(* Let $(\mathcal{A},\varphi)$ be a non-commutative probability space (a unital $*$-algebra with a state $\varphi$) and let $(\mathcal{A}_{1,\ell},\mathcal{A}_{1,r})$ and $(\mathcal{A}_{2,\ell},\mathcal{A}_{2,r})$ be pairs of $*$-subalgebras of $\mathcal{A}$ which are bi-monotonically independent (in the order $1<2$) with respect to $\varphi$. If $\varphi|_{\mathcal{A}_{1,\ell}}\ne0$, then $\varphi(ab)=\varphi(ba)=\varphi(a)\varphi(b)$ for all $a\in\mathcal{A}_{2,\ell}$ and $b\in\mathcal{A}_{2,r}$. Consequently the bi-monotonic product of states is not a state in general.
   Context: For algebras $\mathcal{C}_k$, $\sqcup_k\mathcal{C}_k$ denotes the free product without identification of units, $*_k\mathcal{C}_k$ the free product of unital algebras with identification of units, and $\widetilde{\mathcal{C}}=\mathbb{C}1\oplus\mathcal{C}$ the unitization; $\widetilde{\mathcal{C}_1}*\widetilde{\mathcal{C}_2}\cong\widetilde{\mathcal{C}_1\sqcup\mathcal{C}_2}$. Notation. For $n\ge1$ and $\chi:\{1,\dots,n\}\to\{\ell,r\}$ with $\chi^{-1}(\{\ell\})=\{i_1<\dots<i_p\}$ and $\chi^{-1}(\{r\})=\{i_{p+1}>\dots>i_n\}$, let $\prec_\chi$ be the total order $i_1\prec_\chi\cdots\prec_\chi i_n$. A $\chi$-interval is an interval for $\prec_\chi$. For $V=\{v_1<\dots<v_s\}$ write $b_V=b_{v_1}\cdots b_{v_s}$. For $\omega:\{1,\dots,n\}\to K$, $\pi_{\chi,\omega}$ is the unique partition of $\{1,\dots,n\}$ into blocks $V_1,\dots,V_m$ such that each $V_k$ is a $\chi$-interval, $\max_{\prec_\chi}V_k\prec_\chi\min_{\prec_\chi}V_{k+1}$, $\omega$ is constant on each $V_k$, and $\omega(V_k)\ne\omega(V_{k+1})$. c-bi-free product. Given pairs of unital algebras $(\mathcal{B}_{k,\ell},\mathcal{B}_{k,r})_{k\in K}$ and unital linear functionals $\varphi_k,\psi_k$ on $\mathcal{B}_{k,\ell}*\mathcal{B}_{k,r}$, their c-bi-free product $(\varphi,\psi)$ is the unique pair of unital linear functionals on $*_k(\mathcal{B}_{k,\ell}*\mathcal{B}_{k,r})$ restricting to $\varphi_k,\psi_k$ and such that whenever $b_j\in\mathcal{B}_{\omega(j),\chi(j)}$ with $\psi(b_V)=0$ for all $V\in\pi_{\chi,\omega}$, then $\psi(b_1\cdots b_n)=0$ and $\varphi(b_1\cdots b_n)=\prod_{V\in\pi_{\chi,\omega}}\varphi(b_V)$. Bi-monotonic product. For pairs $(\mathcal{A}_{k,\ell},\mathcal{A}_{k,r})$, $k=1,2$, with linear functionals $\varphi_k$ on $\mathcal{A}_{k,\ell}\sqcup\mathcal{A}_{k,r}$: let $\widetilde{\varphi_k}$ be the unital extension to $\widetilde{\mathcal{A}_{k,\ell}\sqcup\mathcal{A}_{k,r}}$, $\delta_1$ the unital functional on $\widetilde{\mathcal{A}_{1,\ell}\sqcup\mathcal{A}_{1,r}}$ vanishing on $\mathcal{A}_{1,\ell}\sqcup\mathcal{A}_{1,r}$, and $(\widetilde\varphi,\widetilde\psi)$ the c-bi-free product of $(\widetilde{\varphi_1},\delta_1)$ and $(\widetilde{\varphi_2},\widetilde{\varphi_2})$ for the pairs $(\widetilde{\mathcal{A}_{k,\ell}},\widetilde{\mathcal{A}_{k,r}})$. Then $\varphi_1\rhd\!\!\rhd\varphi_2$ is the restriction of $\widetilde\varphi$ to $(\mathcal{A}_{1,\ell}\sqcup\mathcal{A}_{1,r})\sqcup(\mathcal{A}_{2,\ell}\sqcup\mathcal{A}_{2,r})$. Bi-monotonic independence of two pairs of subalgebras of $(\mathcal{A},\varphi)$ (in the order $1<2$) means $\varphi\circ\iota=\varphi_1\rhd\!\!\rhd\varphi_2$, where $\iota:(\mathcal{A}_{1,\ell}\sqcup\mathcal{A}_{1,r})\sqcup(\mathcal{A}_{2,\ell}\sqcup\mathcal{A}_{2,r})\to\mathcal{A}$ is induced by the inclusions and $\varphi_k=\varphi\circ\iota|_{\mathcal{A}_{k,\ell}\sqcup\mathcal{A}_{k,r}}$. *)

From HB Require Import structures.
From mathcomp Require Import all_boot all_order all_algebra.
Set Implicit Arguments. Unset Strict Implicit. Unset Printing Implicit Defensive.
Import Order.TTheory GRing.Theory Num.Theory.
Local Open Scope ring_scope.

(* Scalars: an arbitrary numClosedFieldType C (models C; conjugation Num.conj,
   and 0 <= z means "z is real and nonnegative"). *)

Section Defs.
Variables (C : numClosedFieldType) (A : algType C).

Record is_star (star : A -> A) : Prop := {
  star_invol : forall a, star (star a) = a;
  star_mul : forall a b, star (a * b) = star b * star a;
  star_semilin : forall (al : C) a b,
      star (al *: a + b) = Num.conj al *: star a + star b }.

§ **REQUIRED WORK**: The required output is every line of the entries, starting at the one that contains "Import Order.TTheory GRing.Theory Num.Theory." and ending at the last, copied exactly.

§ **EXERCISE RESPONSE**:
Import Order.TTheory GRing.Theory Num.Theory.
Local Open Scope ring_scope.

(* Scalars: an arbitrary numClosedFieldType C (models C; conjugation Num.conj,
   and 0 <= z means "z is real and nonnegative"). *)

Section Defs.
Variables (C : numClosedFieldType) (A : algType C).

Record is_star (star : A -> A) : Prop := {
  star_invol : forall a, star (star a) = a;
  star_mul : forall a b, star (a * b) = star b * star a;
  star_semilin : forall (al : C) a b,
      star (al *: a + b) = Num.conj al *: star a + star b }.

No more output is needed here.